Where garments such as T shirts and simple knit styles with a minimum of design lines are involved the finished product may be competently manufactured offshore without the involvement, in New Zealand, of a qualified pattern maker, pattern grader and sample machinist. However, where complex designs are involved, particularly where non-stretch fabrics are being used, it is crucial that the Garment Technician has at least a basic understanding of pattern making e.g. how a style/design is developed from a block pattern, and, more importantly, is conversant with pattern grading.
It is totally unreasonable for companies to expect a Garment Technician to calculate precise measurements (specifications) for various parts of a garment e.g. panel design lines etc. over a range of sizes, without an understanding of pattern grading. Even after 30 years' experience as a qualified pattern maker/ grader when confronted with a complex style pattern, I have to analyse how each of the parts will be graded to ensure that they will be in proportion and correspond correctly to one another when being assembled by the machinist.
It is one thing working out grading requirements when you have the individual pattern pieces in front of you, it is quite a different situation when you are viewing a scaled down drawing of the garment, particularly if you have no experience in pattern making and pattern grading.
The actual measuring of the garment is important but is not the critical area. Assessing the correct grade rule (increment) for the various parts of the garment is the critical issue. As is often quoted ‘It is not the big issues that cause the problems, but rather the small ones'. Working out the grade rules for areas such as, half bust or chest, half waist, half hips is reasonably straight forward. However, calculating the correct grade rule for: Neck width, shoulder to shoulder, arm drop, bicep, front and back trouser rises and thigh requires a good understanding (even some experience) of pattern grading.
Over the past 8 years I have been called to investigate inconsistencies and, in many cases, gross errors in garment specifications being used to produce garments offshore. In most cases I have found that the lack of personnel, within the company, with pattern making/grading knowledge was a major contributing factor to the situation.
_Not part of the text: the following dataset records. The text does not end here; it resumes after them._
Definition set_coord v t (x : R) : 'I_m -> R := fun s => if s == t then x else v s.

Lemma score_off_flip v t y : score_off v t (flip t y) = score_off v t y.
Proof. by apply: eq_bigr => s hs; rewrite flip_off. Qed.

Lemma score_off_set v t x y : score_off (set_coord v t x) t y = score_off v t y.
Proof. by apply: eq_bigr => s hs; rewrite /set_coord (negbTE hs). Qed.

Lemma weight_split eta v t y :
  expR (eta * row_score v y) = expR (eta * score_off v t y) * expR (eta * Sq (v t) (y t)).
Proof. by rewrite -expRD -mulrDr /row_score (bigD1 t) //= addrC. Qed.

Lemma MW_upd eta r i v y :
  MW eta (upd r i v) y i = share (expR (eta * row_score v y)) (others_weight eta r i y).
Proof.
rewrite /MW /share (bigD1 i) //= /total_score /upd eqxx; congr (_ / (_ + _)).
by apply: eq_bigr => j hj; rewrite (negbTE hj).
Qed.

Lemma others_weight_gt0 eta r i y : (1 < n)%N -> 0 < others_weight eta r i y.
Proof.
move=> hn; have [j hj] : exists j : 'I_n, j != i.
  have [->|hi] := eqVneq i (Ordinal (ltnW hn)); first by exists (Ordinal hn).
  by exists (Ordinal (ltnW hn)); rewrite eq_sym.
rewrite /others_weight (bigD1 j) //= ltr_pwDl ?expR_gt0 //.
by apply: sumr_ge0 => k _; exact: expR_ge0.
Qed.

Lemma others_weight_flip eta r i y t : (forall j, in01 (r j)) -> 0 <= eta ->
  others_weight eta r i y <= expR eta * others_weight eta r i (flip t y).
Proof.
move=> hr he; rewrite /others_weight mulr_sumr; apply: ler_sum => j _.
rewrite -[total_score r y j]/(row_score (r j) y) -[total_score _ _ j]/(row_score (r j) _).
rewrite !(weight_split _ _ t) score_off_flip flip_at.
by apply: weight_swing => //; exact: hr.
Qed.

Lemma set_coord_dominates eta i p ri t x : (1 < n)%N -> 0 <= eta -> in01 p ->
  (forall c B1 B0, 0 < c -> 0 < B1 -> 0 < B0 ->
     B1 <= expR eta * B0 -> B0 <= expR eta * B1 ->
     0 < p t * (share (c * expR (eta * Sq x true)) B1
                - share (c * expR (eta * Sq (ri t) true)) B1)
       + (1 - p t) * (share (c * expR (eta * Sq x false)) B0
                      - share (c * expR (eta * Sq (ri t) false)) B0)) ->
  strictly_dominates eta i p (set_coord ri t x) ri.
Proof.
move=> hn he hp hgain r hr.
set D := fun y => MW eta (upd r i (set_coord ri t x)) y i - MW eta (upd r i ri) y i.
rewrite -subr_gt0 /Mexp -sumrB (eq_bigr (fun y => probY p y * D y)) => [|y _];
  last by rewrite mulrBr.
rewrite (expectation_condition p t).
have gain y : y t -> 0 < p t * D y + (1 - p t) * D (flip t y).
  move=> hy; rewrite /D !MW_upd !(weight_split _ _ t) !score_off_flip !score_off_set.
  rewrite flip_at hy /set_coord eqxx /=.
  apply: hgain; rewrite ?expR_gt0 ?others_weight_gt0 //; first exact: others_weight_flip.
  by have := others_weight_flip i (flip t y) t hr he; rewrite flipK.
have [y0 hy0 hpos] := exists_prob_off_gt0 t hp.
rewrite (bigD1 y0) //= ltr_pwDl ?mulr_gt0 ?gain //.
by apply: sumr_ge0 => y /andP[hy _]; rewrite mulr_ge0 ?prob_off_ge0 // ltW ?gain.
Qed.

(* Truthfulness: an undominated report is within 4 eta of the belief, since
   otherwise moving one coordinate by eta towards the belief dominates it. *)
Lemma undominated_near_belief eta i p ri : (1 < n)%N -> 0 < eta -> eta <= 1/40 ->
  in01 p -> undominated eta i p ri -> forall t, `|ri t - p t| <= 4 * eta.
Proof.
move=> hn he he1 hp [hri hund] t; rewrite leNgt; apply/negP => far.
case/andP: (hp t) => hp0 hp1; case/andP: (hri t) => hr0 hr1.
have in01_set x : 0 <= x <= 1 -> in01 (set_coord ri t x).
  by move=> hx s; rewrite /set_coord; case: eqP.
apply: hund; case: (ltrP (ri t) (p t)) => below.
- rewrite ltr0_norm ?subr_lt0 // in far.
  exists (set_coord ri t (ri t + eta)); split; first by apply: in01_set; lra.
  apply: set_coord_dominates; rewrite ?ltW //.
  by move=> *; apply: nudge_up_gain => //; lra.
- rewrite ger0_norm ?subr_ge0 // in far.
  exists (set_coord ri t (ri t - eta)); split; first by apply: in01_set; lra.
  apply: set_coord_dominates; rewrite ?ltW //.
  by move=> *; apply: nudge_down_gain => //; lra.
Qed.

End Mechanism.

Import numFieldNormedType.Exports.

Section Existence.
Variables (R : realType) (n m : nat).

(* Report vectors with the product topology, in which the cube [0,1]^m is
   compact (Tychonoff) and MW's expected share is continuous. *)
Local Notation vec := {ptws 'I_m -> R^o}.

Definition cts (f : vec -> R) : Prop := forall x : vec, {for x, continuous f}.

Lemma cts_proj t : cts (fun v => v t).
Proof. by move=> x; exact: (@proj_continuous _ (fun _ : 'I_m => R^o) t x). Qed.

Lemma cts_cst c : cts (fun _ => c).
Proof. by move=> x; exact: cst_continuous. Qed.

Lemma cts_add f g : cts f -> cts g -> cts (fun v => f v + g v).
Proof. by move=> hf hg x; exact: continuousD. Qed.

Lemma cts_mul f g : cts f -> cts g -> cts (fun v => f v * g v).
Proof. by move=> hf hg x; exact: continuousM. Qed.

Lemma cts_opp f : cts f -> cts (fun v => - f v).
Proof. by move=> hf x; exact: continuousN. Qed.

Lemma cts_inv f : cts f -> (forall v, f v != 0) -> cts (fun v => (f v)^-1).
Proof. by move=> hf h x; exact: continuousV. Qed.

Lemma cts_exp f : cts f -> cts (fun v => expR (f v)).
Proof. by move=> hf x; apply: continuous_comp (hf x) _; exact: continuous_expR. Qed.

Lemma cts_sum (I : Type) (s : seq I) (P : pred I) (F : I -> vec -> R) :
  (forall i, cts (F i)) -> cts (fun v => \sum_(i <- s | P i) F i v).
Proof.
move=> hF; elim: s => [|a s IH]; first by under eq_fun do rewrite big_nil; exact: cts_cst.
by under eq_fun do rewrite big_cons; case: (P a) => //; exact: cts_add.
Qed.

Lemma cts_row_score y : cts (fun v : vec => row_score v y).
Proof.
apply: cts_sum => t; apply: cts_add; first exact: cts_cst.
apply: cts_opp; under eq_fun do rewrite expr2.
have hdiff : cts (fun v : vec => (y t)%:R - v t).
  by apply: cts_add; [exact: cts_cst | exact/cts_opp/cts_proj].
exact: cts_mul.
Qed.

Lemma cube_compact : compact [set v : vec | forall t, `[0, 1]%classic (v t)].
Proof.
exact: (@tychonoff _ (fun _ => R^o) (fun _ => `[0, 1]%classic)
  (fun _ => @segment_compact R 0 1)).
Qed.

(* Every belief admits an undominated report: a maximiser, over the cube, of
   the expected share against arbitrary fixed opponents cannot be strictly
   dominated (it exists by the extreme value theorem). *)
Lemma exists_undominated eta (i : 'I_n) (p : 'I_m -> R) : exists ri, undominated eta i p ri.
Proof.
pose r0 : mat R n m := fun _ _ => 0.
pose F : vec -> R := fun v => Mexp eta (upd r0 i v) p i.
have hF : cts F.
  have -> : F = fun v => \sum_(y : outcome m) probY p y *
      (expR (eta * row_score v y) * (expR (eta * row_score v y) + others_weight eta r0 i y)^-1).
    by apply: funext => v; apply: eq_bigr => y _; rewrite MW_upd.
  have hw y : cts (fun v => expR (eta * row_score v y)).
    by apply/cts_exp/cts_mul; [exact: cts_cst | exact: cts_row_score].
  apply: cts_sum => y; apply: cts_mul; first exact: cts_cst.
  apply: cts_mul; first exact: hw.
  apply: cts_inv => [|v]; first by apply: cts_add; [exact: hw | exact: cts_cst].
  rewrite gt_eqF // ltr_pwDl ?expR_gt0 //.
  by apply: sumr_ge0 => j _; exact: expR_ge0.
have cube0 : ([set v : vec | forall t, `[0, 1]%classic (v t)] !=set0)%classic.
  by exists (fun _ => 0) => t /=; rewrite in_itv /= lexx ler01.
have [c hc cmax] := compact_EVT_max cube0 cube_compact (continuous_subspaceT hF).
have hc01 : in01 c by move=> t; move: hc; rewrite inE => /(_ t) /=; rewrite in_itv.
exists c; split=> // -[rh [hrh hdom]].
have r0_in01 j : in01 (r0 j) by move=> t; rewrite /r0 lexx ler01.
have := hdom r0 r0_in01.
have : F rh <= F c by apply: cmax; rewrite inE => t /=; rewrite in_itv /=; exact: hrh.
rewrite /F; lra.
Qed.

End Existence.

Section Concentration.
Variable R : realType.
Implicit Types eta th x q p : R.

Lemma mgf_two_point eta th d1 d0 : 0 < eta -> eta <= 1/2 -> 0 <= th <= 1 ->
  -1 <= d1 <= 1 -> -1 <= d0 <= 1 ->
  th * expR (eta * d1) + (1 - th) * expR (eta * d0)
    <= expR (eta * (th * d1 + (1 - th) * d0) + 2 * eta ^+ 2).
Proof.
move=> he he1 /andP[t0 t1] hd1 hd0.
have quad d : -1 <= d <= 1 -> expR (eta * d) <= 1 + eta * d + 2 * eta ^+ 2.
  move=> /andP[d0' d1']; apply: le_trans (expR_le_quad _) _; first nra.
  have : (eta * d) ^+ 2 <= eta ^+ 2.
    by rewrite exprMn ler_piMr ?sqr_ge0 // expr2; nra.
  lra.
apply: le_trans (expR_ge1Dx _).
have := ler_wpM2l t0 (quad _ hd1); have := ler_wpM2l (_ : 0 <= 1 - th) (quad _ hd0).
nra.
Qed.
(* If $G$ is a cactus on $n$ vertices, then $\alpha_1(G)\geq \Big\lfloor\frac{n}{2}\Big\rfloor+r(n)$, where $r(n)=0$ if $n\equiv 0\pmod 4$ and $r(n)=1$ otherwise.
   Context: All graphs are finite and simple, with nonempty vertex set. For a graph $G$, a $k$-sparse set is a set of vertices inducing a subgraph of maximum degree at most $k$, and $\alpha_k(G)$ denotes the maximum size of a $k$-sparse set in $G$. A cactus is a graph (not necessarily connected) in which every block is a cycle, a single edge, or a single vertex. *)

From mathcomp Require Import all_boot.
Set Implicit Arguments. Unset Strict Implicit. Unset Printing Implicit Defensive.

(* A finite simple graph: vertex type T : finType, adjacency e : rel T,
   symmetric and irreflexive. *)
Section Graphs.
Variables (T : finType) (e : rel T).

Definition nbrs_in (S : {set T}) (x : T) : {set T} := [set y in S | e x y].

Definition k_sparse (k : nat) (S : {set T}) : bool :=
  [forall x in S, #|nbrs_in S x| <= k].

Definition alpha_k (k : nat) : nat := \max_(S : {set T} | k_sparse k S) #|S|.

Definition induced_rel (S : {set T}) : rel T :=
  fun x y => [&& x \in S, y \in S & e x y].

(* G[S] is connected (the empty graph counts as connected) *)
Definition connected_set (S : {set T}) : bool :=
  [forall x in S, forall y in S, connect (induced_rel S) x y].

Definition biconn (S : {set T}) : bool :=
  [&& S != set0, connected_set S & [forall v in S, connected_set (S :\ v)]].

(* a block: a maximal connected subgraph without a cut vertex
   (blocks are induced subgraphs, so they are described by vertex sets) *)
Definition is_block (B : {set T}) : bool :=
  biconn B && [forall C : {set T}, (B \proper C) ==> ~~ biconn C].

Definition is_cycle_set (B : {set T}) : bool :=
  [&& 3 <= #|B|, connected_set B & [forall x in B, #|nbrs_in B x| == 2]].

Definition is_edge_set (B : {set T}) : bool :=
  [exists x, exists y, (B == [set x; y]) && e x y].

Definition is_vertex_set (B : {set T}) : bool := #|B| == 1.

Definition cactus : Prop :=
  forall B : {set T}, is_block B ->
    [|| is_cycle_set B, is_edge_set B | is_vertex_set B].

End Graphs.

Definition r4 (n : nat) : nat := if n %% 4 == 0 then 0 else 1.

From mathcomp Require Import all_boot zify.

Set Implicit Arguments. Unset Strict Implicit. Unset Printing Implicit Defensive.

(* Induct on the vertex set W of an induced subgraph. If G[W] has an isolated
   vertex, keep it and recurse on the rest. Otherwise G[W] has two distinct
   vertices u, w whose closed neighbourhoods together have at most four
   vertices: two vertices of degree at most one, or else two adjacent vertices
   of degree at most two in an end block, since biconnected subgraphs of a
   cactus have maximum degree two. Keeping u and w and recursing on W minus
   those neighbourhoods gains 2 vertices for at most 4 removed, and
   m/2 + r(m) grows by at most 2 when m grows by at most 4.
   The end block is reached by descending through pieces K of minimum degree
   two hanging from a single vertex c: either c |: K is biconnected, or a cut
   vertex of it splits off a smaller such piece. *)

Definition sparse_lb (m : nat) : nat := m./2 + r4 m.

Lemma sparse_lbS m : sparse_lb m.+1 <= (sparse_lb m).+1.
Proof. by rewrite /sparse_lb /r4; case: eqP; case: eqP; lia. Qed.

Lemma sparse_lb_subn m k : k <= 4 -> sparse_lb m <= sparse_lb (m - k) + 2.
Proof. by rewrite /sparse_lb /r4 => ?; case: eqP; case: eqP; lia. Qed.

Lemma card_gt1_neq (T : finType) (A : {set T}) a : 1 < #|A| -> exists2 z, z \in A & z != a.
Proof.
case/card_gt1P => x [y [xA yA xy]].
by have [xa|] := eqVneq x a; [exists y => //; rewrite -xa eq_sym | exists x].
Qed.

Section Graph.
Variables (T : finType) (e : rel T).
Hypotheses (esym : symmetric e) (eirr : irreflexive e).

Definition cnbrs_in (W : {set T}) (x : T) : {set T} := x |: nbrs_in e W x.

Definition unreached (S : {set T}) (r : T) : {set T} :=
  [set y in S | ~~ connect (induced_rel e S) r y].

Lemma nbrs_in_sub (A : {set T}) x : nbrs_in e A x \subset A.
Proof. by apply/subsetP => y; rewrite inE => /andP []. Qed.

Lemma nbrs_inS (A B : {set T}) x : A \subset B -> nbrs_in e A x \subset nbrs_in e B x.
Proof.
by move=> AB; apply/subsetP => y; rewrite !inE => /andP [/(subsetP AB) -> ->].
Qed.

Lemma nbrs_in_proper (A : {set T}) x : x \in A -> nbrs_in e A x \proper A.
Proof.
move=> xA; apply/properP; split; first exact: nbrs_in_sub.
by exists x => //; rewrite inE eirr andbF.
Qed.

Lemma card_cnbrs_in (W : {set T}) x : #|cnbrs_in W x| = #|nbrs_in e W x|.+1.
Proof. by rewrite cardsU1 inE eirr andbF. Qed.

Lemma induced_rel_sym (S : {set T}) : symmetric (induced_rel e S).
Proof. by move=> x y; rewrite /induced_rel esym andbCA. Qed.

Lemma connect_inducedC (S : {set T}) x y :
  connect (induced_rel e S) x y = connect (induced_rel e S) y x.
Proof. exact/sym_connect_sym/induced_rel_sym. Qed.

Lemma connect_inducedS (A B : {set T}) x y : A \subset B ->
  connect (induced_rel e A) x y -> connect (induced_rel e B) x y.
Proof.
move=> AB; apply: connect_sub => a b /and3P [aA bA eab].
by apply: connect1; rewrite /induced_rel !(subsetP AB) ?eab.
Qed.

Lemma connect_induced1 (S : {set T}) x y : x \in S -> y \in S -> e x y ->
  connect (induced_rel e S) x y.
Proof. by move=> xS yS exy; apply: connect1; rewrite /induced_rel xS yS. Qed.

Lemma connected_from (S : {set T}) r : {in S, forall y, connect (induced_rel e S) r y} ->
  connected_set e S.
Proof.
move=> rS; apply/forallP => x; apply/implyP => xS; apply/forallP => y; apply/implyP => yS.
by apply: connect_trans (rS y yS); rewrite connect_inducedC rS.
Qed.

Lemma connected_unreached0 (S : {set T}) r : unreached S r = set0 -> connected_set e S.
Proof.
move=> U0; apply: (@connected_from S r) => y yS; apply/negPn/negP => nry.
by have := in_set0 y; rewrite -U0 inE yS nry.
Qed.

Lemma unreached_closed (S : {set T}) r y z : y \in unreached S r -> z \in S -> e y z ->
  z \in unreached S r.
Proof.
rewrite !inE => /andP [yS nry] zS eyz; rewrite zS; apply: contra nry => rz.
by apply: connect_trans rz _; apply: connect_induced1; rewrite // esym.
Qed.

Lemma connected_setU1 (S : {set T}) v x : connected_set e S -> x \in S -> e v x ->
  connected_set e (v |: S).
Proof.
move=> /forallP cS xS evx; apply: (@connected_from _ x) => y.
rewrite in_setU1 => /orP [/eqP -> | yS].
  by apply: connect_induced1; rewrite ?setU11 ?setU1r // esym.
apply: connect_inducedS (subsetUr _ _) _.
by move/implyP: (cS x) => /(_ xS) /forallP /(_ y); rewrite yS.
Qed.

Lemma biconnD1 (S : {set T}) v x : v \in S -> x \in S -> e v x ->
  {in S, forall u, connected_set e (S :\ u)} -> biconn e S.
Proof.
move=> vS xS evx cD1; apply/and3P; split.
- by apply/set0Pn; exists v.
- rewrite -(setD1K vS); apply: connected_setU1 (evx); first exact: cD1.
  by rewrite in_setD1 xS andbT; apply: contraTneq evx => ->; rewrite eirr.
- by apply/forallP => u; apply/implyP => /cD1.
Qed.

Lemma k_sparse_small k (A : {set T}) : #|A| <= k.+1 -> k_sparse e k A.
Proof.
move=> leAk; apply/forallP => x; apply/implyP => xA.
by rewrite -ltnS; apply: leq_trans (proper_card (nbrs_in_proper xA)) leAk.
Qed.

Lemma k_sparse_setU k (A S : {set T}) : k_sparse e k A -> k_sparse e k S ->
  {in A & S, forall x y, ~~ e x y} -> k_sparse e k (A :|: S).
Proof.
move=> /forallP spA /forallP spS nAS; apply/forallP => x; apply/implyP.
have nbrsU (B C : {set T}) : {in C, forall y, ~~ e x y} -> nbrs_in e (B :|: C) x = nbrs_in e B x.
  move=> nC; apply/setP => y; rewrite !inE.
  by case: (boolP (y \in C)) => [/nC/negbTE -> | _]; rewrite ?andbF ?orbF.
rewrite in_setU => /orP [xA | xS].
  rewrite nbrsU; first exact: (implyP (spA x)).
  by move=> y; apply: nAS.
rewrite setUC nbrsU; first exact: (implyP (spS x)).
by move=> y yA; rewrite esym; apply: nAS.
Qed.

Lemma sparse_extend (W A X S : {set T}) : A \subset X -> #|A| <= 2 ->
  {in A, forall x, nbrs_in e W x \subset X} -> S \subset W :\: X -> k_sparse e 1 S ->
  k_sparse e 1 (A :|: S) /\ #|A :|: S| = #|A| + #|S|.
Proof.
move=> AX A2 nbrsA SWX spS; split.
  apply: k_sparse_setU => //; first exact: k_sparse_small.
  move=> x y xA yS; apply/negP => exy.
  have /setDP [yW /negP] := subsetP SWX y yS; apply.
  by apply: (subsetP (nbrsA x xA)); rewrite inE yW exy.
rewrite -cardsUI; have -> : A :&: S = set0.
  apply/setP => y; rewrite !inE; apply/andP => -[/(subsetP AX) yX /(subsetP SWX)].
  by rewrite inE yX.
by rewrite cards0 addn0.
Qed.

Section Reduction.

Hypothesis reducible : forall W : {set T}, W != set0 ->
  (exists2 u, u \in W & nbrs_in e W u = set0) \/
  (exists u w, [/\ u \in W, w \in W, u != w & #|cnbrs_in W u :|: cnbrs_in W w| <= 4]).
For a number of years Pattern Architects have provided training for personnel involved in garment specification jobs. Many garment technicians and those seeking such positions are referred to us by local fashion employment agencies. After completing training clients comment on their increase confidence and decreased stress levels at work.
Unfortunately Grads and Clients until the universities train for what the industry actually needs and so far any communication to this end has fallen on deaf ears at the universities, we are going to be continually faced with a shortage of the above skills Don talks about. Grads I know this is extra expense and time when you have already spent 1 - 3 years at university but if you do a course with Don as a post grad course you will have the skills to start you off in the industry. Clients if they make this effort please give them a go. You want intermediates well guess what if there are no juniors in training there are going to be no intermediates.